Разве ж об этом думаешь? Самое милое дело – уснуть вечером и больше не
проснуться. Или враз упасть замертво, только чтобы перед этим никаких болячек и
приступов не было. Жить себе весело и радостно, с друзьями общаться, в гости
ходить, пить-есть в свое удовольствие, а потом раз – и все. И никаких
страданий.
Примерно так я чумовому и объяснила.
– На это ты вряд ли можешь рассчитывать, – сообщил
он мне отчего-то весело. – Твой образ жизни к здоровой и счастливой
старости не располагает.
Скорее всего знаешь как это будет? Ты хлебнешь какой-нибудь
отравы, посинеешь вся, начнешь задыхаться, твой собутыльники перепугаются,
бросят тебя одну и убегут. А ты будешь валяться где-нибудь в скверике или в
подъезде, в своих лохмотьях, вонючая и немытая, с испитой рожей, и все
прохожие, которые это увидят, будут брезгливо шарахаться от тебя, как от
прокаженной. Тебе даже «Скорую» не вызовут. А если и вызовут, то врачи на тебя
только глянут разочек, развернутся и уедут. Им об тебя мараться не захочется, в
больницах и так мест нет и лекарств не хватает, тем более в бесплатных. И
будешь ты лежать на земле, как старый ненужный хлам, пока дух не испустишь.
Тогда тебя заберут в морг. В морге ты еще какое-то время в холодильнике
поживешь, а потом встанет вопрос: что с тобой делать?
Родственников у тебя нет, друзей тоже, хоронить тебя некому
и не на что.
Твои Веньки и Тамарки ведь на гроб и могилу не раскошелятся,
сами копейки считают и бутылки по помойкам собирают. Стало быть, что? Стало
быть, отправят тебя в анатомический театр, чтобы студенты на тебе тренировались
вскрытие делать и внутренние органы изучать. Дадут тебе специальное имя,
например, Дуська, и будут говорить: «Кто последний в очередь на Дуську? Мне
строение черепа изучать надо». Радует тебя такая перспектива?

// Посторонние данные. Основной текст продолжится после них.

(* Let $(\mathcal A;\mathcal E)$ be an exact category with exact coproducts and let $\{\mathcal J_i: i\in I\}$ be a set-indexed family of special preenveloping ideals. Then $\bigcap_{i\in I}\mathcal J_i$ is a special preenveloping ideal.
   Context: An exact category $(\mathcal A;\mathcal E)$ is an additive category with a class of conflations $X\to Y\to Z$ satisfying the Quillen–Keller axioms; it has exact coproducts if set-indexed coproducts exist and coproducts of conflations are conflations. $\mathrm{Ext}(A,B)$ is the group of conflations $B\to C\to A$. Ideals are families of subgroups of Hom closed under composition with arbitrary morphisms (the family $i\mapsto\mathcal J_i$ is assumed uniformly indexed so that the intersection is a class). For $a:A_0\to A_1$, $b:B_0\to B_1$, $\mathrm{Ext}(a,b):\mathrm{Ext}(A_1,B_0)\to\mathrm{Ext}(A_0,B_1)$ is pushout along $b$ followed by pullback along $a$; ${}^\perp\mathcal J$ is the ideal of $a$ with $\mathrm{Ext}(a,j)=0$ for all $j\in\mathcal J$. A special $\mathcal J$-preenvelope of $B$ is a morphism $j:B\to C_0$ in $\mathcal J$ for which there are conflations $B\xrightarrow{j}C_0\to A_0$, $B\to C_1\to A_1$ and a morphism of conflations between them with components $(1_B,c,a)$ where $a\in{}^\perp\mathcal J$. $\mathcal J$ is special preenveloping if every object has a special $\mathcal J$-preenvelope. *)

From HB Require Import structures.
From mathcomp Require Import all_boot all_algebra.
Set Implicit Arguments. Unset Strict Implicit. Unset Printing Implicit Defensive.
Import GRing.Theory.
Local Open Scope ring_scope.

Record Cat := {
  Ob : Type;
  Hom : Ob -> Ob -> zmodType;
  comp : forall A B C : Ob, Hom B C -> Hom A B -> Hom A C;
  idm : forall A : Ob, Hom A A;
  compA : forall A B C D (h : Hom C D) (g : Hom B C) (f : Hom A B),
      comp h (comp g f) = comp (comp h g) f;
  comp1m : forall A B (f : Hom A B), comp (idm B) f = f;
  compm1 : forall A B (f : Hom A B), comp f (idm A) = f;
  compDl : forall A B C (g g' : Hom B C) (f : Hom A B),
      comp (g + g') f = comp g f + comp g' f;
  compDr : forall A B C (g : Hom B C) (f f' : Hom A B),
      comp g (f + f') = comp g f + comp g f'
}.

Arguments comp {c A B C}.
Arguments idm {c}.

Section Defs.
Variable C : Cat.
Local Notation Ob := (Ob C).
Local Notation Hom := (@Hom C).
Local Notation "g \o f" := (comp g f).

Definition is_zero_object (Z : Ob) :=
  (forall A (f : Hom Z A), f = 0) /\ (forall A (f : Hom A Z), f = 0).

Definition is_biproduct (A B P : Ob) (i1 : Hom A P) (i2 : Hom B P)
    (p1 : Hom P A) (p2 : Hom P B) :=
  [/\ p1 \o i1 = idm A, p2 \o i2 = idm B, p1 \o i2 = 0, p2 \o i1 = 0
    & (i1 \o p1) + (i2 \o p2) = idm P].

Definition is_additive :=
  (exists Z, is_zero_object Z) /\
  (forall A B : Ob, exists P (i1 : Hom A P) (i2 : Hom B P) p1 p2,
      is_biproduct i1 i2 p1 p2).

Definition is_iso A B (f : Hom A B) :=
  exists g : Hom B A, g \o f = idm A /\ f \o g = idm B.

Definition is_kernel X Y Z (i : Hom X Y) (d : Hom Y Z) :=
  d \o i = 0 /\
  forall T (f : Hom T Y), d \o f = 0 ->
    exists h : Hom T X, i \o h = f /\ forall h', i \o h' = f -> h' = h.

Definition is_cokernel X Y Z (i : Hom X Y) (d : Hom Y Z) :=
  d \o i = 0 /\
  forall T (f : Hom Y T), f \o i = 0 ->
    exists h : Hom Z T, h \o d = f /\ forall h', h' \o d = f -> h' = h.

Definition kc_pair X Y Z (i : Hom X Y) (d : Hom Y Z) :=
  is_kernel i d /\ is_cokernel i d.

Definition is_pushout X Y X' P (i : Hom X Y) (f : Hom X X')
    (i' : Hom X' P) (f' : Hom Y P) :=
  f' \o i = i' \o f /\
  forall T (u : Hom Y T) (v : Hom X' T), u \o i = v \o f ->
    exists h : Hom P T, (h \o f' = u /\ h \o i' = v) /\
      forall h', h' \o f' = u -> h' \o i' = v -> h' = h.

Ой, батюшки, что это он такое говорит? Как это я буду
валяться в подъезде, потом в морге, потом в анатомичке? Почему это? Кто это
сказал? Я даже дар речи на какое-то время потеряла. А он смотрит на меня и
смеется.
– Что, Михална, нечего ответить? Правильно. Это все
оттого, что ты о своей смерти как таковой никогда не думала. Мозги-то у тебя
куриные, ты ж дальше ближайшего стакана дешевого портвейна не смотришь. А
смерть – она всегда дальше, чем этот стакан. Вот если бы ты хоть раз о своей
смерти задумалась, ты бы поняла, что все так и будет, как я тебе только что
рассказал. И пока еще в твоей власти это изменить, если тебе такая картина не
понравилась. Или понравилась?
И хитро так на меня смотрит. Вот чумовой, ну чумовой же,
ей-богу. Как же такое может понравиться? Я ему так и ответила: мол, никакому
нормальному человеку такое понравиться не может, и спрашивать нечего. Только не
про меня это все, не может такого быть, чтобы со мной такое случилось. Я же не
какая-нибудь там, не алкоголичка и не запойная. Да, я выпиваю, но я честная
пенсионерка.
– Значит, не понравилось, – задумчиво говорит
чумовой. – Ну что ж, самое время тебе, Михална, подумать над тем, что я
сказал. Пока еще все в твоей власти, пока еще ты можешь это изменить и сделать
так, что ТАКОЙ смертью ты не умрешь. Хочешь изменить?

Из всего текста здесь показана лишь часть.